THE YES CAMPAIGN - Further absurd amounts of money and funding was pumped into the yes campaign. Collectively, the YES and NO campaigns could have probably sorted that maternity ward problem out over a few hospitals in towns where it was most needed. To put right what the governments see as the people's priorities, it clearly unbalances its own. The YES campaign argues that the AV vote would assure that the BNP would never get seats. But this isn't even an issue. The fact that the BNP exist at all in a pluralistic country like this only demonstrates that social turbulences have not been resolved and that our alienation is subject to the selfish will and irresponsible decisions of the powerful unwilling to sooth racial divide, but instead exploiting it to carry out their own ends. It's these left and right, yes and no idealogical perceptions that are wedging us apart.

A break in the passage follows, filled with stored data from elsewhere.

Lemma gtilde_outer_antitone y z : eps <= `|y| <= `|z| -> g z <= g y.
Proof.
case/andP=> y_out yz; rewrite /g /gtilde !ltNge y_out (le_trans y_out yz) /=.
rewrite ler_wpM2l ?ler_expR ?lerN2 // mulr_ge0 ?powR_ge0 //.
by rewrite /ceps mulr_ge0 ?invr_ge0 ?powR_ge0 // mulr_ge0 ?expR_ge0.
Qed.

End LevyDensity.

Theorem lemma2p9 (R : realType) (nu : R -> R) (alpha beta Cl Cu eta4 : R)
  (d : nat) (tau eps : R)
  (* nu is a symmetric Levy density of an infinite Levy measure *)
  (nu_meas : measurable_fun [set: R] nu)
  (nu_ge0 : forall x, 0 <= nu x)
  (nu_sym : forall x, nu (- x) = nu x)
  (nu_levy : (\int[@lebesgue_measure R]_x ((Num.min (x ^+ 2) 1) * nu x)%:E < +oo)%E)
  (nu_inf : (\int[@lebesgue_measure R]_x (nu x)%:E = +oo)%E)
  (* regularity near 0 *)
  (eta4_gt0 : 0 < eta4)
  (nu_der : forall x, 0 < x < eta4 -> derivable nu x 1)
  (nu_C1 : {within `]0, eta4[, continuous (derive1 nu)})
  (nu'_lt0 : forall x, 0 < x < eta4 -> derive1 nu x < 0)
  (nu'_dec : forall x y, 0 < x -> x <= y -> y < eta4 ->
              - derive1 nu y / y <= - derive1 nu x / x)
  (* weak scaling of psi *)
  (alpha_gt0 : 0 < alpha) (alpha_le_beta : alpha <= beta) (beta_lt2 : beta < 2)
  (Cl_gt0 : 0 < Cl) (Cu_gt0 : 0 < Cu)
  (psi_low : forall lam th, 1 <= lam -> 0 <= th ->
      Cl * lam `^ alpha * psiL nu th <= psiL nu (lam * th))
  (psi_up : forall lam th, 1 <= lam -> 1 <= th ->
      psiL nu (lam * th) <= Cu * lam `^ beta * psiL nu th)
  (* the lemma *)
  (d_ge2 : (2 <= d)%N) (tau_gt0 : 0 < tau) (eps_gt0 : 0 < eps) (eps_le1 : eps <= 1) :
  forall t x x' : R, 0 < t -> t <= tau ->
    `|x - x'| <= hinvL nu (1 / t) / 4 -> `|x - x'| <= eps / 4 ->
    gtilde nu d alpha beta tau eps t x' <= gtilde nu d alpha beta tau eps t (x / 2).
Proof.
move=> t x x' t_gt0 t_le_tau near_H near_eps.
have dist_x := lerB_dist x x'.
have dist_x' : `|x'| - `|x| <= `|x - x'| by rewrite distrC lerB_dist.
have half : `|x / 2| = `|x| / 2 by rewrite normrM normfV (@ger0_norm _ 2).
have H_ge0 : 0 <= hinvL nu (1 / t) by exact: hinvL_ge0.
have P_ge1 : 1 <= (d%:R + beta - 1) / alpha.
  by apply: exponent_ge1 => //; rewrite alpha_gt0 alpha_le_beta.
have [x'_in|x'_out] := ltP `|x'| eps; have [x_in|x_out] := ltP `|x / 2| eps.
- have [x_lt_H|x_ge_H] := ltP `|x / 2| (hinvL nu (1 / t)).
    by rewrite [leRHS]gtilde_eq_cap // gtilde_inner_le_cap.
  by apply: gtilde_inner_antitone => //; lra.
- lra.
- apply: gtilde_outer_le_inner => //; last by rewrite -normr_gt0; lra.
- by apply: gtilde_outer_antitone => //; apply/andP; split; lra.
Qed.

The YES campaign can't promise that a BNP would never get into power on the simple premise that perceptions are ephemeral and nothing is certain. Furthermore Nick Clegg claimed AV would stop another expenses scandal. The suggestion that an expenses scandal, one that almost every constituent representative made ACA claims for, could even happen again is something of a huge indication that this system is outdated.

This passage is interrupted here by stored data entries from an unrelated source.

(* Let $\mathcal X$ be finite with $N=|\mathcal X|\ge2$, $c\in(0,1/N]$, $\varepsilon\ge0$, and let $K\in\mathcal M(\varepsilon,c)$. Then for all $P_X,Q_X\in\mathcal Q_{\mathcal X}(c)$ with $\mathrm{TV}(P_X\|Q_X)\le\delta$, $$D(K\circ P_X\|K\circ Q_X)\le\Xi(\varepsilon,c)\,\log\big((1-Nc)e^\varepsilon+1\big)\,\delta,$$ where $\Xi(\varepsilon,c)=\min\left\{\frac{e^\varepsilon-1}{e^\varepsilon(1-Nc)+1},1\right\}$.
   Context: $D(P\|Q)=\sum_y P(y)\log\frac{P(y)}{Q(y)}$ is relative entropy (natural log) and $\mathrm{TV}(P\|Q)=\frac12\sum|P-Q|$. A kernel $K$ is a row-stochastic matrix with entries $K_{Y|X=x}(y)$, $(K\circ P_X)(y)=\sum_xK_{Y|X=x}(y)P_X(x)$. PML: $\ell_{K\times P_X}(X\to y)=\log\frac{\max_x K_{Y|X=x}(y)}{(K\circ P_X)(y)}$ for full-support $P_X$ and $(K\circ P_X)(y)>0$. $\mathcal Q_{\mathcal X}(c)=\{P_X:\min_xP_X(x)\ge c\}$; $C(K,\mathcal P)=\sup_{P_X\in\mathcal P}\sup_{y:(K\circ P_X)(y)>0}\ell_{K\times P_X}(X\to y)$; $\mathcal M(\varepsilon,c)$ is the set of kernels from $\mathcal X$ to a finite output set with $C(K,\mathcal Q_{\mathcal X}(c))\le\varepsilon$. *)

From HB Require Import structures.
From mathcomp Require Import all_boot all_order all_algebra.
From mathcomp Require Import reals sequences exp.
Set Implicit Arguments. Unset Strict Implicit. Unset Printing Implicit Defensive.
Import Order.TTheory GRing.Theory Num.Theory.
Local Open Scope ring_scope.

Section Defs.
Variable R : realType.

Definition is_distr (T : finType) (P : T -> R) : Prop :=
  (forall t, 0 <= P t) /\ \sum_t P t = 1.

(* row-stochastic kernel: K x y = K_{Y|X=x}(y) *)
Definition is_kernel (X Y : finType) (K : X -> Y -> R) : Prop :=
  forall x, is_distr (K x).

Definition push (X Y : finType) (K : X -> Y -> R) (P : X -> R) : Y -> R :=
  fun y => \sum_x K x y * P x.

Definition KL (T : finType) (P Q : T -> R) : R :=
  \sum_(t | P t != 0) P t * ln (P t / Q t).

Definition TV (T : finType) (P Q : T -> R) : R :=
  2^-1 * \sum_t `|P t - Q t|.

Definition PML (X Y : finType) (K : X -> Y -> R) (P : X -> R) (y : Y) : R :=
  ln ((\big[Num.max/0]_x K x y) / push K P y).

Definition Qc (X : finType) (c : R) (P : X -> R) : Prop :=
  is_distr P /\ forall x, c <= P x.

(* C(K, Q_X(c)) <= eps, i.e. the supremum is bounded by eps *)
Definition C_le (X Y : finType) (K : X -> Y -> R) (c eps : R) : Prop :=
  forall P : X -> R, Qc c P ->
  forall y, 0 < push K P y -> PML K P y <= eps.

Definition in_M (X Y : finType) (eps c : R) (K : X -> Y -> R) : Prop :=
  is_kernel K /\ C_le K c eps.

Definition Xi (X : finType) (eps c : R) : R :=
  Num.min ((expR eps - 1) / (expR eps * (1 - #|X|%:R * c) + 1)) 1.

End Defs.

From HB Require Import structures.
From mathcomp Require Import all_boot all_order all_algebra.
From mathcomp Require Import reals sequences exp.
From mathcomp Require Import ring lra.
Import Order.TTheory GRing.Theory Num.Theory.
Local Open Scope ring_scope.

(* Write b = (1 - N c) e^eps + 1.  Testing the leakage constraint of K at a
   distribution P in Q_X(c) gives K x y <= e^eps (K o P)(y); splitting
   P = c + (P - c) then shows that the output likelihood ratio of any two
   P, Q in Q_X(c) lies in [1/b, b].  On that range the chords of the convex
   function t ln t through t = 1 bound the relative entropy by
   ln b * sum_y ((K o P)(y) - (K o Q)(y))^+.
   This positive part equals sum_x (P x - Q x) K_x(A), where A is the set of
   outputs on which K o P dominates, so it is at most TV(P, Q) times the spread
   max_x K_x(A) - min_x K_x(A).  Testing the constraint at the vertices of
   Q_X(c), which carry mass c + (1 - N c) on one point and c elsewhere, once on
   A and once on its complement, bounds that spread by Xi. *)

Section SpreadBound.
Context {R : realDomainType} {T : finType}.

Lemma sum_mul_le_spread (r G : T -> R) (xi : R) :
  \sum_t r t = 0 -> (forall t t', G t - G t' <= xi) ->
  \sum_t r t * G t <= xi * \sum_t Num.max (r t) 0.
Proof.
move=> r_sum0 G_spread.
have [t0 _ | T0] := pickP (@predT T); last first.
  by rewrite !big_pred0 ?mulr0.
have [m _ m_min] := @arg_minP _ _ _ t0 xpredT G erefl.
have -> : \sum_t r t * G t = \sum_t r t * (G t - G m).
  under [RHS]eq_bigr do rewrite mulrBr.
  by rewrite sumrB -mulr_suml r_sum0 mul0r subr0.
rewrite mulr_sumr; apply: ler_sum => t _.
have spread_ge0 : 0 <= G t - G m by rewrite subr_ge0 m_min.
apply: le_trans (_ : Num.max (r t) 0 * (G t - G m) <= _).
  by rewrite ler_wpM2r // le_max lexx.
by rewrite mulrC ler_wpM2r ?le_max ?lexx ?orbT.
Qed.

End SpreadBound.

Section XlnxBounds.
Context {R : realType}.

Lemma xlnx_tangent (s t : R) : 0 < s -> 0 < t ->
  t * ln t + (ln t + 1) * (s - t) <= s * ln s.
Proof.
move=> s_gt0 t_gt0.
have ln_ts : ln (t / s) <= t / s - 1.
  have := @le_ln1Dx R (t / s - 1); rewrite [1 + _]addrC subrK; apply.
  have : 0 < t / s by rewrite divr_gt0.
  lra.
rewrite ln_div ?posrE // in ln_ts.
have := ler_wpM2l (ltW s_gt0) ln_ts.
rewrite !mulrBr mulrCA divff ?gt_eqF // mulr1; nra.
Qed.

Lemma xlnx_chord (x t y : R) : 0 < x -> x <= t -> t <= y ->
  (y - x) * (t * ln t) <= (y - t) * (x * ln x) + (t - x) * (y * ln y).
Proof.
move=> x_gt0 xt ty.
have t_gt0 : 0 < t by apply: lt_le_trans xt.
have y_gt0 : 0 < y by apply: lt_le_trans ty.
rewrite -subr_ge0 in xt; rewrite -subr_ge0 in ty.
have := ler_wpM2l ty (xlnx_tangent x t x_gt0 t_gt0).
have := ler_wpM2l xt (xlnx_tangent y t y_gt0 t_gt0).
nra.
Qed.

Lemma xlnx_le_ratio_bound (b t : R) : 1 <= b -> b^-1 <= t -> t <= b ->
  (b - 1) * (t * ln t) <= (t - 1) * ln b + (b - 1) * ln b * Num.max (t - 1) 0.
Proof.
move=> b_ge1 bt tb.
have b_gt0 : 0 < b by apply: lt_le_trans ltr01 b_ge1.
case: (lerP 1 t) => [t_ge1 | t_lt1].
  rewrite max_l ?subr_ge0 //.
  have := xlnx_chord 1 t b ltr01 t_ge1 tb.
  by rewrite ln1 !mulr0 add0r; nra.
rewrite max_r ?mulr0 ?addr0; last by rewrite subr_le0 ltW.
have bV_gt0 : 0 < b^-1 by rewrite invr_gt0.
have := xlnx_chord b^-1 t 1 bV_gt0 bt (ltW t_lt1).
rewrite ln1 !mulr0 addr0 lnV ?posrE // => /(ler_wpM2l (ltW b_gt0)) chord.
have lhs_eq : b * ((1 - b^-1) * (t * ln t)) = (b - 1) * (t * ln t).
  by field; rewrite gt_eqF.
have rhs_eq : b * ((1 - t) * (b^-1 * - ln b)) = (t - 1) * ln b.
  by field; rewrite gt_eqF.
by rewrite -lhs_eq -rhs_eq.
Qed.

Lemma mul_ln_div_le (b p q : R) :
  1 <= b -> 0 < p -> 0 < q -> p <= b * q -> q <= b * p ->
  (b - 1) * (p * ln (p / q)) <= (p - q) * ln b + (b - 1) * ln b * Num.max (p - q) 0.
Proof.
move=> b_ge1 p_gt0 q_gt0 pq qp.
have bt : b^-1 <= p / q.
  by rewrite ler_pdivlMr // mulrC ler_pdivrMr ?(lt_le_trans ltr01) // mulrC.
have tb : p / q <= b by rewrite ler_pdivrMr.
have bound := ler_wpM2l (ltW q_gt0) (xlnx_le_ratio_bound b (p / q) b_ge1 bt tb).
set t := p / q; have p_eq : p = t * q by rewrite mulfVK ?gt_eqF.
have -> : Num.max (p - q) 0 = q * Num.max (t - 1) 0.
  by rewrite maxr_pMr ?ltW // mulr0 mulrBr mulr1 mulrC -p_eq.
have lhs_eq : q * ((b - 1) * (t * ln t)) = (b - 1) * (p * ln t).
  by rewrite p_eq; ring.
have rhs_eq : q * ((t - 1) * ln b + (b - 1) * ln b * Num.max (t - 1) 0) =
    (p - q) * ln b + (b - 1) * ln b * (q * Num.max (t - 1) 0).
  by rewrite p_eq; ring.
by rewrite -lhs_eq -rhs_eq.
Qed.

Lemma KL_le_ln_pos_part (T : finType) (p q : T -> R) (b : R) :
  (forall t, 0 <= p t) -> (forall t, 0 <= q t) -> \sum_t p t = \sum_t q t ->
  1 <= b -> (forall t, p t <= b * q t) -> (forall t, q t <= b * p t) ->
  KL p q <= ln b * \sum_t Num.max (p t - q t) 0.
Proof.
move=> p_ge0 q_ge0 sum_pq b_ge1 pq qp.
have [b_eq1 | b_neq1] := eqVneq b 1.
  rewrite b_eq1 ln1 mul0r /KL big1 // => t pt_neq0.
  have := pq t; have := qp t; rewrite b_eq1 !mul1r => qt_le pt_le.
  have -> : q t = p t by apply/le_anti; rewrite qt_le pt_le.
  by rewrite divff // ln1 mulr0.
have b1_gt0 : 0 < b - 1 by rewrite subr_gt0 lt_def b_neq1.
have p_pos t : p t != 0 -> 0 < p t by rewrite lt_def p_ge0 andbT.
have q_pos t : p t != 0 -> 0 < q t.
  move=> /p_pos pt_gt0; rewrite -(pmulr_rgt0 _ (lt_le_trans ltr01 b_ge1)).
  exact: lt_le_trans pt_gt0 (pq t).
pose F t := (p t - q t) * ln b + (b - 1) * ln b * Num.max (p t - q t) 0.
have sum_F : \sum_(t | p t != 0) F t = \sum_t F t.
  rewrite big_mkcond; apply: eq_bigr => t _; case: eqP => // pt0.
  have qt0 : q t = 0 by apply/le_anti; rewrite q_ge0 andbT -(mulr0 b) -pt0 qp.
  by rewrite /F pt0 qt0 subrr maxxx mul0r mulr0 addr0.
rewrite -(ler_pM2l b1_gt0) /KL mulr_sumr.
apply: le_trans (_ : \sum_(t | p t != 0) F t <= _).
  by apply: ler_sum => t pt_neq0; apply: mul_ln_div_le; rewrite ?p_pos ?q_pos.
rewrite sum_F big_split /= -mulr_suml -mulr_sumr sumrB sum_pq subrr mul0r add0r.
by rewrite mulrA.
Qed.

End XlnxBounds.

Section Distributions.
Context {R : realType}.

Lemma sum_pos_part_eq_TV (T : finType) (p q : T -> R) :
  \sum_t p t = \sum_t q t -> \sum_t Num.max (p t - q t) 0 = TV p q.
Proof.
move=> sum_pq; under eq_bigr do rewrite maxr_absE addr0 subr0.
by rewrite -mulr_suml big_split /= sumrB sum_pq subrr add0r /TV mulrC.
Qed.

Context {X Y : finType} (K : X -> Y -> R).

Lemma push_ge0 (P : X -> R) y :
  is_kernel K -> (forall x, 0 <= P x) -> 0 <= push K P y.
Proof.
move=> K_kernel P_ge0; apply: sumr_ge0 => x _.
by apply: mulr_ge0 => //; case: (K_kernel x).
Qed.

Lemma sum_push (P : X -> R) : is_kernel K -> \sum_y push K P y = \sum_x P x.
Proof.
move=> K_kernel; rewrite /push exchange_big /=; apply: eq_bigr => x _.
by rewrite -mulr_suml; case: (K_kernel x) => _ ->; rewrite mul1r.
Qed.

Lemma sum_kernel_entries : is_kernel K -> \sum_y \sum_x K x y = #|X|%:R.
Proof.
move=> K_kernel; rewrite exchange_big /=.
under eq_bigr => x _ do rewrite (proj2 (K_kernel x)).
by rewrite sumr_const.
Qed.

Definition vertex_distr (c : R) (x0 : X) : X -> R :=
  fun x => c + (1 - #|X|%:R * c) * (x == x0)%:R.

Lemma vertex_distr_Qc (c : R) (x0 : X) :
  0 <= c -> #|X|%:R * c <= 1 -> Qc c (vertex_distr c x0).
Proof.
move=> c_ge0 Nc_le1.
have c_le x : c <= vertex_distr c x0 x.
  by rewrite lerDl mulr_ge0 ?subr_ge0 ?ler0n.
split=> //; split=> [x|]; first exact: le_trans c_ge0 (c_le x).
rewrite big_split /= sumr_const -mulr_sumr (bigD1 x0) //= eqxx.
rewrite big1 ?addr0 ?mulr1; last by move=> x /negbTE ->.
by rewrite -[c *+ _]mulr_natl addrC subrK.
Qed.

Lemma push_vertex_distr (c : R) (x0 : X) y :
  push K (vertex_distr c x0) y = c * \sum_x K x y + (1 - #|X|%:R * c) * K x0 y.
Proof.
rewrite /push /vertex_distr; under eq_bigr do rewrite mulrDr.
rewrite big_split /= -mulr_suml mulrC; congr (_ + _).
rewrite (bigD1 x0) //= eqxx mulr1 mulrC big1 ?addr0 //.
by move=> x /negbTE ->; rewrite !mulr0.
Qed.

End Distributions.

Lemma Xi_ge0 (R : realType) (X : finType) (eps c : R) :
  0 <= eps -> #|X|%:R * c <= 1 -> 0 <= Xi X eps c.
Proof.
move=> eps_ge0 Nc_le1.
have e_ge1 : 1 <= expR eps by rewrite -expR0 ler_expR.
rewrite /Xi le_min ler01 andbT divr_ge0 ?subr_ge0 //.
by rewrite addr_ge0 ?mulr_ge0 ?expR_ge0 ?subr_ge0.
Qed.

But the overarching problem today is the financial crisis, and with an AV system being proposed to cost £250million to install, the suggestion was enough to intimidate the public from accepting it. But if there was any truth to an AV costing this quantity of money to implement during a financial crisis, then the very suggestion would not have been called for in the first place. To implement such a system would cost nowhere near this sum of money, Islands don't cost as much. But it really doesn't matter which system we have, FPTP or AV when the people can be influenced this way. The dichotomies of YES and NO, reflect the two party system attitudes of our culture. Our need to divide things into dualities, LEFT and RIGHT, GOOD and BAD, RIGHT and WRONG, YES and NO! Goldhagen reasons that "the human condition is one of agency, namely the capacity and burden for being able to say yes, which means also being able to say no." But the freedom to make these choices within the campaigns are being impinged upon and covertly veto'd. These are our attitudes to over simplified political questions, when much bigger questions lie in wait to be asked, one example being: why do we allow our country to be robbed again by the rich, who are no more or less deserving of government than it's people? It's the choices of the individual political leader in charge that must always be questioned. If you flip a coin you may get heads or tails, but you won't get neither. The power of suggestion shows that individual opinion can be directed one way or the other and through the power of mass media and digital information, it's easy to wing opinions one way or the other, when they flow through only two channels of thought.
Lets start thinking outside of these divisions and come together to start thinking about making the largest effort in history for reform, one that could shape our future for the better.